What a 5-agent AI fleet actually costs to runA working analysis of architecture, tokenomics, and the framework behind specialization

Live fleet.arnao.ai June 2026 snapshot Author · Byron Arnao

Executive summary

This is a working analysis of a personal AI agent fleet — five distinct agents distributed across two hosts, each running a different model, each playing a specialized role. The artifact documents what it actually costs to run, what each model is genuinely good at, and the framework behind specialization. It is intentionally written so a reader without deep AI infrastructure background can follow it.

The thesis is simple: headcount of agents is not the value. Specialization is. Five general-purpose assistants is worse than two specialized ones — every interaction starts with "wait, which one did I tell about X?" and their memories drift apart. The value of a fleet goes up when each agent has a distinct job, a distinct cost profile, and a distinct trust boundary.

What you'll find in this page:

The architecture

Two physical hosts. Five Docker containers. Five different models. Three external model providers. One local model service. Inter-agent communication is the next layer up — the A2A protocol is the public standard that makes this kind of fleet legible to other systems.

Fleet architecture: Apple Silicon Mac Mini running four agents (Apex/Opus 4.8, Operator/Sonnet 4.6, Concierge/Gemini 2.5 Flash, Sentinel/Gemma4 local) and Windows x64 PC running one agent (Mobile/Sonnet 4.6). External providers Anthropic, Google AI, OpenRouter connect from above. Local Ollama service serves the Sentinel agent. Inter-Agent Fabric (A2A protocol) at the bottom.

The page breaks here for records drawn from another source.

(* Let $n\ge1$ and let $x\in\mathcal{A}_n(\{0121,0112\})$. Let $x^+$ denote the subsequence of positive entries of $x$. Then exactly one of the following holds: (label $(0)$) $x=0^n$; (label $(01)$) $x^+=12\cdots m$ for some $m\ge1$; (label $(011)$) $x^+=12\cdots(m-1)m^s$ for some $m\ge1$ and $s\ge2$. Moreover, writing $m=\max(x)$, the letters $t$ for which the sequence $xt$ (obtained by appending $t$) lies in $\mathcal{A}_{n+1}(\{0121,0112\})$, together with the labels of the resulting $xt$, are exactly: - if $x$ has label $(0)$: $t=0$ (label $(0)$) and $t=1$ (label $(01)$); - if $x$ has label $(01)$: $t=0$ (label $(01)$), $t=m$ (label $(011)$), and $t=m+1$ (label $(01)$); - if $x$ has label $(011)$: $t=0$ and $t=m$, both giving label $(011)$.
   Context: An ascent in an integer sequence $s_1\cdots s_m$ is an index $j$ with $s_j<s_{j+1}$; $\mathrm{asc}$ denotes the number of ascents. An ascent sequence is a sequence $x_1\cdots x_n$ of nonnegative integers with $x_1=0$ and $x_i\le 1+\mathrm{asc}(x_1\cdots x_{i-1})$ for all $i\ge2$. The reduction $\mathrm{red}(w)$ of an integer sequence $w$ replaces the $i$-th smallest distinct letter of $w$ by $i-1$; a pattern is a reduced sequence. A sequence $x$ contains a pattern $p=p_1\cdots p_k$ if there are indices $i_1<\cdots<i_k$ with $\mathrm{red}(x_{i_1}\cdots x_{i_k})=p$; otherwise $x$ avoids $p$. For a finite set $P$ of patterns, $\mathcal{A}_n(P)$ denotes the set of ascent sequences of length $n$ avoiding every pattern in $P$. Here $c^s$ denotes $s$ consecutive copies of the letter $c$. *)

From mathcomp Require Import all_boot.
Set Implicit Arguments. Unset Strict Implicit. Unset Printing Implicit Defensive.

Definition asc (s : seq nat) : nat :=
  count (fun p : nat * nat => p.1 < p.2) (zip s (behead s)).

(* ascent sequence: x_1 = 0 and x_i <= 1 + asc(x_1..x_{i-1}) for i >= 2
   (0-indexed: for 1 <= i < size x, nth 0 x i <= 1 + asc (take i x)). *)
Definition ascent_seq (x : seq nat) : Prop :=
  head 1 x = 0 /\
  forall i, 1 <= i < size x -> nth 0 x i <= (asc (take i x)).+1.

Definition red (w : seq nat) : seq nat :=
  map (fun a => index a (sort leq (undup w))) w.

Definition contains (x p : seq nat) : Prop :=
  exists s, subseq s x /\ red s = p.

Definition avoids (x : seq nat) (P : seq (seq nat)) : Prop :=
  forall p, p \in P -> ~ contains x p.

Definition inA (n : nat) (P : seq (seq nat)) (x : seq nat) : Prop :=
  size x = n /\ ascent_seq x /\ avoids x P.

Definition P3 : seq (seq nat) := [:: [:: 0; 1; 2; 1]; [:: 0; 1; 1; 2]].

Definition xplus (x : seq nat) : seq nat := filter (fun a => 0 < a) x.

Definition maxseq (x : seq nat) : nat := foldr maxn 0 x.

Inductive Label := L0 | L01 | L011.

Definition has_label (x : seq nat) (l : Label) : Prop :=
  match l with
  | L0 => x = nseq (size x) 0
  | L01 => exists m, 1 <= m /\ xplus x = iota 1 m
  | L011 => exists m s, 1 <= m /\ 2 <= s /\ xplus x = iota 1 m.-1 ++ nseq s m
  end.

Definition trans (l : Label) (m t : nat) (l' : Label) : Prop :=
  match l with
  | L0 => (t = 0 /\ l' = L0) \/ (t = 1 /\ l' = L01)
  | L01 => (t = 0 /\ l' = L01) \/ (t = m /\ l' = L011) \/ (t = m.+1 /\ l' = L01)
  | L011 => (t = 0 /\ l' = L011) \/ (t = m /\ l' = L011)
  end.

From mathcomp Require Import all_boot zify.
Set Implicit Arguments.
Unset Strict Implicit.
Unset Printing Implicit Defensive.

(* An ascent sequence starts with 0, so it contains 0121 or 0112 exactly when
   its positive part x^+ contains b c b or b b c for some 0 < b < c.  Hence
   x^+ repeats no letter but its maximum: the three labels say that x^+ is a
   staircase 1 2 ... (m-1) m^s with s = 0, s = 1 or s >= 2, and every such x
   avoids both patterns.  When appending t to such an x, a letter 0 < t < m
   creates 0 t m t, a letter t > m after m m creates 0 m m t, and when
   x^+ = 1 2 ... m the ascent condition reads t <= m + 1, since asc x = m. *)

Lemma sort_undup_ltn_sorted (s : seq nat) : sorted ltn (sort leq (undup s)).
Proof.
by rewrite ltn_sorted_uniq_leq sort_uniq undup_uniq (sort_sorted leq_total).
Qed.

Lemma red_sorted_mem (s u : seq nat) :
  sorted ltn u -> s =i u -> red s = map (index^~ u) s.
Proof.
move=> su su_eq.
rewrite /red (irr_sorted_eq ltn_trans ltnn (sort_undup_ltn_sorted s) su) //.
by move=> y; rewrite mem_sort mem_undup su_eq.
Qed.

Lemma red_abcb a b c : a < b < c -> red [:: a; b; c; b] = [:: 0; 1; 2; 1].
Proof.
move=> /andP[ab bc]; have ac := ltn_trans ab bc.
rewrite (@red_sorted_mem _ [:: a; b; c]) /= ?ab ?bc //.
  by rewrite !eqxx (ltn_eqF ab) (ltn_eqF bc) (ltn_eqF ac).
by move=> y; rewrite !inE; case: (y == a) (y == b) (y == c) => [] [] [].
Qed.

Lemma red_abbc a b c : a < b < c -> red [:: a; b; b; c] = [:: 0; 1; 1; 2].
Proof.
move=> /andP[ab bc]; have ac := ltn_trans ab bc.
rewrite (@red_sorted_mem _ [:: a; b; c]) /= ?ab ?bc //.
  by rewrite !eqxx (ltn_eqF ab) (ltn_eqF bc) (ltn_eqF ac).
by move=> y; rewrite !inE; case: (y == a) (y == b) (y == c) => [] [] [].
Qed.

Lemma size_red s : size (red s) = size s.
Proof. exact: size_map. Qed.

Lemma nth_red_lt s i j : i < size s -> j < size s ->
  nth 0 (red s) i < nth 0 (red s) j -> nth 0 s i < nth 0 s j.
Proof.
move=> si sj; rewrite /red !(nth_map 0) //.
set u := sort leq (undup s); have su : sorted ltn u := sort_undup_ltn_sorted s.
have mem_u k : k < size s -> nth 0 s k \in u.
  by move=> sk; rewrite mem_sort mem_undup mem_nth.
move=> lt_ij; rewrite -(nth_index 0 (mem_u i si)) -(nth_index 0 (mem_u j sj)).
by apply: (sorted_ltn_nth ltn_trans) => //; rewrite inE index_mem mem_u.
Qed.

Lemma nth_red_eq s i j : i < size s -> j < size s ->
  nth 0 (red s) i = nth 0 (red s) j -> nth 0 s i = nth 0 s j.
Proof.
move=> si sj; rewrite /red !(nth_map 0) // => eq_ij.
by rewrite -(nth_index 0 (_ : nth 0 s i \in sort leq (undup s))) ?eq_ij ?nth_index //
  mem_sort mem_undup mem_nth.
Qed.

Lemma contains_0121P x :
  contains x [:: 0; 1; 2; 1] <-> exists a b c, a < b < c /\ subseq [:: a; b; c; b] x.
Proof.
split=> [[s [sub_sx red_s]] | [a [b [c [abc sub]]]]]; last first.
  by exists [:: a; b; c; b]; rewrite red_abcb.
move: (size_red s) (@nth_red_lt s) (@nth_red_eq s) sub_sx; rewrite red_s.
case: s {red_s} => [|a [|b [|c [|d []]]]] //= _ lt_red eq_red sub_sx.
have ab : a < b := lt_red 0 1 erefl erefl erefl.
have bc : b < c := lt_red 1 2 erefl erefl erefl.
have db : d = b := eq_red 3 1 erefl erefl erefl.
by subst d; exists a, b, c; rewrite ab bc.
Qed.

Lemma contains_0112P x :
  contains x [:: 0; 1; 1; 2] <-> exists a b c, a < b < c /\ subseq [:: a; b; b; c] x.
Proof.
split=> [[s [sub_sx red_s]] | [a [b [c [abc sub]]]]]; last first.
  by exists [:: a; b; b; c]; rewrite red_abbc.
move: (size_red s) (@nth_red_lt s) (@nth_red_eq s) sub_sx; rewrite red_s.
case: s {red_s} => [|a [|b [|c [|d []]]]] //= _ lt_red eq_red sub_sx.
have ab : a < b := lt_red 0 1 erefl erefl erefl.
have bd : b < d := lt_red 1 3 erefl erefl erefl.
have cb : c = b := eq_red 2 1 erefl erefl erefl.
by subst c; exists a, b, d; rewrite ab bd.
Qed.

Lemma avoids_subseq x y P : subseq x y -> avoids y P -> avoids x P.
Proof.
move=> xy avoid_y p pP [s [sx red_s]]; apply: (avoid_y p pP).
by exists s; split=> //; apply: subseq_trans sx xy.
Qed.

Lemma maxseq_eq s M : M \in s -> (forall y, y \in s -> y <= M) -> maxseq s = M.
Proof.
rewrite /maxseq foldrE => Ms leM; apply/eqP; rewrite eqn_leq leq_bigmax_seq // andbT.
by apply/bigmax_leqP_seq => y ys _; apply: leM.
Qed.

Lemma maxseq_xplus x : maxseq (xplus x) = maxseq x.
Proof.
by rewrite /maxseq !foldrE big_filter big_mkcond; apply: eq_bigr => -[].
Qed.

Lemma xplus_rcons x t :
  xplus (rcons x t) = if 0 < t then rcons (xplus x) t else xplus x.
Proof. exact: filter_rcons. Qed.

Definition staircase (m s : nat) : seq nat := iota 1 m.-1 ++ nseq s m.

Lemma rcons_iota m : rcons (iota 1 m) m.+1 = iota 1 m.+1.
Proof. by rewrite -cats1 -[m.+1]addn1 iotaD add1n addn1. Qed.

Lemma iota_staircase m : 0 < m -> iota 1 m = staircase m 1.
Proof. by case: m => // m _; rewrite -rcons_iota -cats1. Qed.

Lemma rcons_staircase m s : rcons (staircase m s) m = staircase m s.+1.
Proof. by rewrite /staircase rcons_cat -cats1 -[s.+1]addn1 nseqD. Qed.

Lemma mem_staircase c m s : c \in staircase m s -> c <= m.
Proof.
by rewrite mem_cat mem_iota mem_nseq => /orP[|/andP[_ /eqP->//]]; lia.
Qed.

Lemma count_staircase_gt1 b m s : 1 < count_mem b (staircase m s) -> b = m.
Proof.
rewrite count_cat count_nseq count_uniq_mem ?iota_uniq //=.
by case: (m =P b) => [-> //|_]; rewrite mul0n addn0; case: (b \in _).
Qed.

Lemma maxseq_staircase m s : 0 < s -> maxseq (staircase m s) = m.
Proof.
move=> s_gt0; apply: maxseq_eq => [|y]; last exact: mem_staircase.
by rewrite mem_cat mem_nseq eqxx s_gt0 orbT.
Qed.

Lemma subseq_staircase_lt b m s :
  0 < b < m -> 0 < s -> subseq [:: b; m] (staircase m s).
Proof.
move=> b_lt s_gt0; rewrite /staircase; apply: (@cat_subseq _ [:: b] [:: m]).
  by rewrite sub1seq mem_iota; lia.
by rewrite sub1seq mem_nseq eqxx s_gt0.
Qed.

Lemma subseq_staircase_mm m s : 1 < s -> subseq [:: m; m] (staircase m s).
Proof.
move=> s_gt1; rewrite /staircase.
apply: (@cat_subseq _ [::] [:: m; m]); first exact: sub0seq.
by rewrite -(subnKC s_gt1) nseqD prefix_subseq.
Qed.

Lemma asc_cons2 a b s : asc [:: a, b & s] = (a < b) + asc (b :: s).
Proof. by []. Qed.

Lemma leq_asc_cat s u : asc s <= asc (s ++ u).
Proof.
case: s => [//|a s]; elim: s a => [//|b s IHs] a.
by rewrite !cat_cons !asc_cons2 leq_add2l -cat_cons IHs.
Qed.

(* Every positive letter of [s] ends an ascent, its predecessor being 0 or a
   smaller positive letter, and no zero does. *)
Lemma asc_sorted_xplus a s :
  sorted ltn (xplus (a :: s)) -> asc (a :: s) = size (xplus s).
Proof.
elim: s a => [//|b s IHs] a sorted_as.
have sorted_bs : sorted ltn (xplus (b :: s)).
  by move: sorted_as; rewrite /xplus /=; case: (0 < a) => //; apply: path_sorted.
rewrite asc_cons2 IHs //; case: b sorted_as sorted_bs => [|b] //= sorted_as _.
by case: a sorted_as => [|a] //= /andP[-> _].
Qed.

Lemma asc_iota s m : xplus (0 :: s) = iota 1 m -> asc (0 :: s) = m.
Proof.
move=> xs; rewrite asc_sorted_xplus ?xs ?iota_ltn_sorted //.
by rewrite -[xplus s]/(xplus (0 :: s)) xs size_iota.
Qed.

Lemma ascent_seq_leq x y : ascent_seq x -> y \in x -> y <= (asc x).+1.
Proof.
move=> [x0 x_le] yx; rewrite -(nth_index 0 yx).
case i_def: (index y x) => [|i].
  by case: x x0 {x_le yx i_def} => //= a s ->.
have i_lt : i.+1 < size x by rewrite -i_def index_mem.
apply: leq_trans (x_le i.+1 i_lt) _.
by rewrite ltnS -{2}(cat_take_drop i.+1 x) leq_asc_cat.
Qed.

Lemma maxseq_leq_asc x : ascent_seq x -> maxseq x <= (asc x).+1.
Proof.
move=> asc_x; rewrite /maxseq foldrE.
by apply/bigmax_leqP_seq => y yx _; apply: ascent_seq_leq.
Qed.

Lemma ascent_seq_head x : ascent_seq x -> x = 0 :: behead x.
Proof. by case: x => [[]|a s [/= ->]]. Qed.

Lemma ascent_seq_rcons a s t :
  ascent_seq (rcons (a :: s) t) <-> ascent_seq (a :: s) /\ t <= (asc (a :: s)).+1.
Proof.
rewrite /ascent_seq (_ : head 1 (rcons (a :: s) t) = head 1 (a :: s)) //.
move: (a :: s) (ltn0Sn (size s) : 0 < size (a :: s)) => x x_gt0.
rewrite -cats1 size_cat /= addn1.
split=> [[x0 le_xt] | [[x0 le_x] le_t]].
- split; first split=> // [i /andP[i_gt0 i_lt]].
  + have i_lt' : 0 < i < (size x).+1 by rewrite i_gt0 ltnS ltnW.
    by move: (le_xt i i_lt'); rewrite nth_cat i_lt takel_cat // (ltnW i_lt).
  + have x_lt : 0 < size x < (size x).+1 by rewrite x_gt0 ltnSn.
    by move: (le_xt _ x_lt); rewrite nth_cat ltnn subnn takel_cat ?take_size.
- split=> // i /andP[i_gt0 i_lt].
  rewrite nth_cat takel_cat; last by rewrite -ltnS.
  case: ltnP => i_ge.
    by apply: le_x; rewrite i_gt0.
  have -> : i = size x by apply/eqP; rewrite eqn_leq i_ge andbT -ltnS.
  by rewrite subnn take_size.
Qed.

Functional names used throughout this analysis. Real handles, ports, and network details are intentionally not shown.

The fleet

Each agent has a role, a model tier, and a cost shape. The roles map to the four archetypes worth keeping in mind for any future fleet design: best, workhorse, mobile, restricted/public-facing, and always-on/private.

Best

Apex

Opus 4.8

Heavy synthesis, published content, hard reasoning. The frontier model for tasks where quality matters more than cost or speed.

~$15/$75 per M tok

Workhorse

Operator

Sonnet 4.6

Daily-driver ops. Mid-cost, mid-speed, competent across most tasks. The agent that runs the most actual work.

~$3/$15 per M tok

Mobile

Mobile

Sonnet 4.6

Mobile-facing front-end. Lives on a Windows host because the messaging stack pairs to one device. Same model class as Operator but distinct purpose.

~$3/$15 per M tok

Fast / restricted

Concierge

Gemini 2.5 Flash

Public-facing secretary. Scheduling, screening, FAQ. Hard restrictions: no email, no web, no exec, no browser.

~$0.075/$0.30 per M tok

Always-on / free

Sentinel

Gemma4 (local)

Local-only, free, always-up. Runs against a local Ollama service. Backup when paid quotas die; baseline analyst for non-urgent jobs.

$0 / $0 per M tok

Design rule

Each agent has a different model class, not because it had to — but so the fleet has redundancy across providers. If Anthropic has a bad day, the Google-backed and local-backed agents keep working. If quotas die, the local-backed one keeps working. Provider diversity is a feature, not an accident.

Methodology

Every comparison in this page is from a serial run — one model call at a time, with a 2-second gap between calls. Parallel runs were avoided so concurrent load couldn't confound the timing numbers.

The standard prompt

For the model benchmark and the host-level comparison, all calls used the same prompt — chosen because it has one correct numerical answer and requires brief reasoning prose:

A store sells apples for $0.85 each. I have $20 and want to buy as
many as possible while leaving enough to buy a $3.50 coffee with the
change. How many apples can I buy? Show your reasoning in 2-3 sentences.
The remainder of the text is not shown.